The smallest increase in adherence occurred among Black non-Hispanic children (5.6%) which further widened the gap between Black and White non-Hispanic children in 2016-2017 (52.5% vs. 67.8%).

Adherence rates increased similarly for children with public and private insurance (15.5% and 13.9%, respectively), but the adherence rates for uninsured children remained stable. Adherence in 2016-2017 for children with private, public, and no insurance were 66.3%, 58.7%, and 31.1%.

Also, despite overall increases in adherence across regions, a gap of more than 20% separated the region with the highest adherence (Northeast) from the lowest (West) in both the 2006-2007 and 2016-2017 periods (69.3% vs. 38.4%, and 79.3% vs. 55.2%, respectively).

The findings show an increase in well-child visits that spanned a time period of increased recommendations, economic changes, and the impact of the Affordable Care Act, but unaddressed disparities remain, the researchers noted.

Reducing disparities and improving adherence, “will require the combined efforts of researchers, policymakers, and clinicians to improve our understanding of adherence, to implement policies improving access to care, and to increase health care professional engagement with disadvantaged communities,” they concluded.

Overall increases are encouraging, but barriers need attention

“Demographic data are critical to determine which groups of children need the most support for recommended well child care,” Susan Boulter, MD, of the Geisel School of Medicine at Dartmouth, Hanover, N.H., said in an interview. In the current study, “it was encouraging to see how either public or private insurance significantly increased the percentage of children receiving well child care,” she said.

The level of increased adherence to AAP-recommended guidelines for well-child visits was surprising, said Dr. Boulter. The overall increase is likely attributable in part to the increased coverage for well-child visits in the wake of the Affordable Care Act, as the study authors mention, she said.

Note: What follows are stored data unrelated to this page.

Definition WS_template (b m a : nat) (f : nat -> nat) : Prop :=
  [/\ 0 < a, 0 < b, 0 < m, b < a & is_coloring m (a + b) f] /\
  [/\
      (forall x y, 1 <= x <= a + b -> 1 <= y <= a + b -> x <> y -> f x = f y ->
         x + y <= a + b -> f (x + y) <> f x),
      (forall x y, b < x <= a + b -> b < y <= a + b -> f x = f y ->
         x + y <= a + b -> f (x + y) <> f x),
      (forall x y, 1 <= x <= a + b -> 1 <= y <= a + b -> f x = m -> f y = m ->
         b + 2 * a < x + y -> f (x + y - 2 * a) <> m)
    &
      (forall x y, 1 <= x <= a + b -> 1 <= y <= a + b -> f x = f y -> f x < m ->
         a + b < x + y -> f (piab a b (x + y)) <> f x)].

(* The greatest natural number satisfying P, or 0 if there is none
   (classical definition). *)
Definition greatest (P : nat -> Prop) : nat :=
  match excluded_middle_informative (exists s, P s /\ forall q, P q -> q <= s) with
  | left H => proj1_sig (constructive_indefinite_description _ H)
  | right _ => 0
  end.

Definition S_plus (m : nat) : nat := greatest (fun p => exists f, S_template m p f).

Definition WS_plus_b (b m : nat) : nat :=
  greatest (fun a => exists f, WS_template b m a f).

Definition WS_plus (m : nat) : nat :=
  greatest (fun v => exists2 b, 0 < b & v = WS_plus_b b m).

From mathcomp Require Import all_boot zify.
From Stdlib Require Import ClassicalEpsilon.

Set Implicit Arguments.
Unset Strict Implicit.
Unset Printing Implicit Defensive.

(* Write z in {1..pa+b} as z = a q + r with r in {1..a+b}, taking r = z when
   z <= b and r in (b, a+b] otherwise.  Given a b-WS-template g of width a with
   n colours and an S-template f of width p with k+1 colours, colour z by g r if
   g r < n, and by n - 1 + f (q + 1) otherwise.  If x, y and x + y (or the
   reduced sums of conditions (iii) and (iv)) share a colour, the conditions on
   g force the residues into the last class of g with a carry of exactly one
   block of width a, so the block indices q + 1 violate the matching condition
   on f.  This yields a b-WS-template of width p a with n + k colours.  Weakly
   sum-free colourings of {1..N} with m colours have N bounded (a Schur-type
   pigeonhole argument), so all the maxima in the statement are attained. *)

Lemma greatest_ge (P : nat -> Prop) B q :
  P q -> (forall q, P q -> q <= B) -> q <= greatest P.
Proof.
move=> Pq ubP.
pose Pb q := if excluded_middle_informative (P q) then true else false.
have PbP q' : reflect (P q') (Pb q').
  by rewrite /Pb; case: excluded_middle_informative => ?; constructor.
have exPb : exists q, Pb q by exists q; apply/PbP.
have ubPb q' : Pb q' -> q' <= B by move/PbP/ubP.
case: (ex_maxnP exPb ubPb) => s /PbP Ps maxs.
rewrite /greatest; case: excluded_middle_informative => [H|[]].
  by case: (constructive_indefinite_description _ H) => t [_ +] /=; apply.
by exists s; split=> // q' /PbP/maxs.
Qed.

Lemma greatest_holds (P : nat -> Prop) : 0 < greatest P -> P (greatest P).
Proof.
rewrite /greatest; case: excluded_middle_informative => // H _.
by case: (constructive_indefinite_description _ H) => t [].
Qed.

“The gains experienced by Hispanic families were especially encouraging,” she added.

However, ongoing barriers to well-child care include “lack of adequate provider numbers and mix, transportation difficulties for patients, and lack of child care and time away from work for parents so they can complete the recommended well child visit schedule,” Dr. Boulter noted. “Provider schedules and locations of care should be improved so families would have easier access. Also, social media should have more positive well-child messages to counteract the negative messaging.”

More research is needed to examine the impact of COVID-19 on well-child visits, Dr. Boulter emphasized. “Most likely, the percentages in all groups will have changed since COVID-19 has impacted office practices,” she said. “Anxiety about COVID-19 transmissibility in the pediatric office decreased routine office visits, and skepticism about vaccines, including vaccine refusal, has significantly changed the percentage of children who have received the AAP recommended vaccines,” she explained. Ideally, the study authors will review the MEPS data again to examine changes since the COVID-19 pandemic began, she told this news organization.

The study received no outside funding. The researchers had no financial conflicts to disclose. Dr. Boulter had no financial conflicts to disclose and serves on the editorial advisory board of Pediatric News.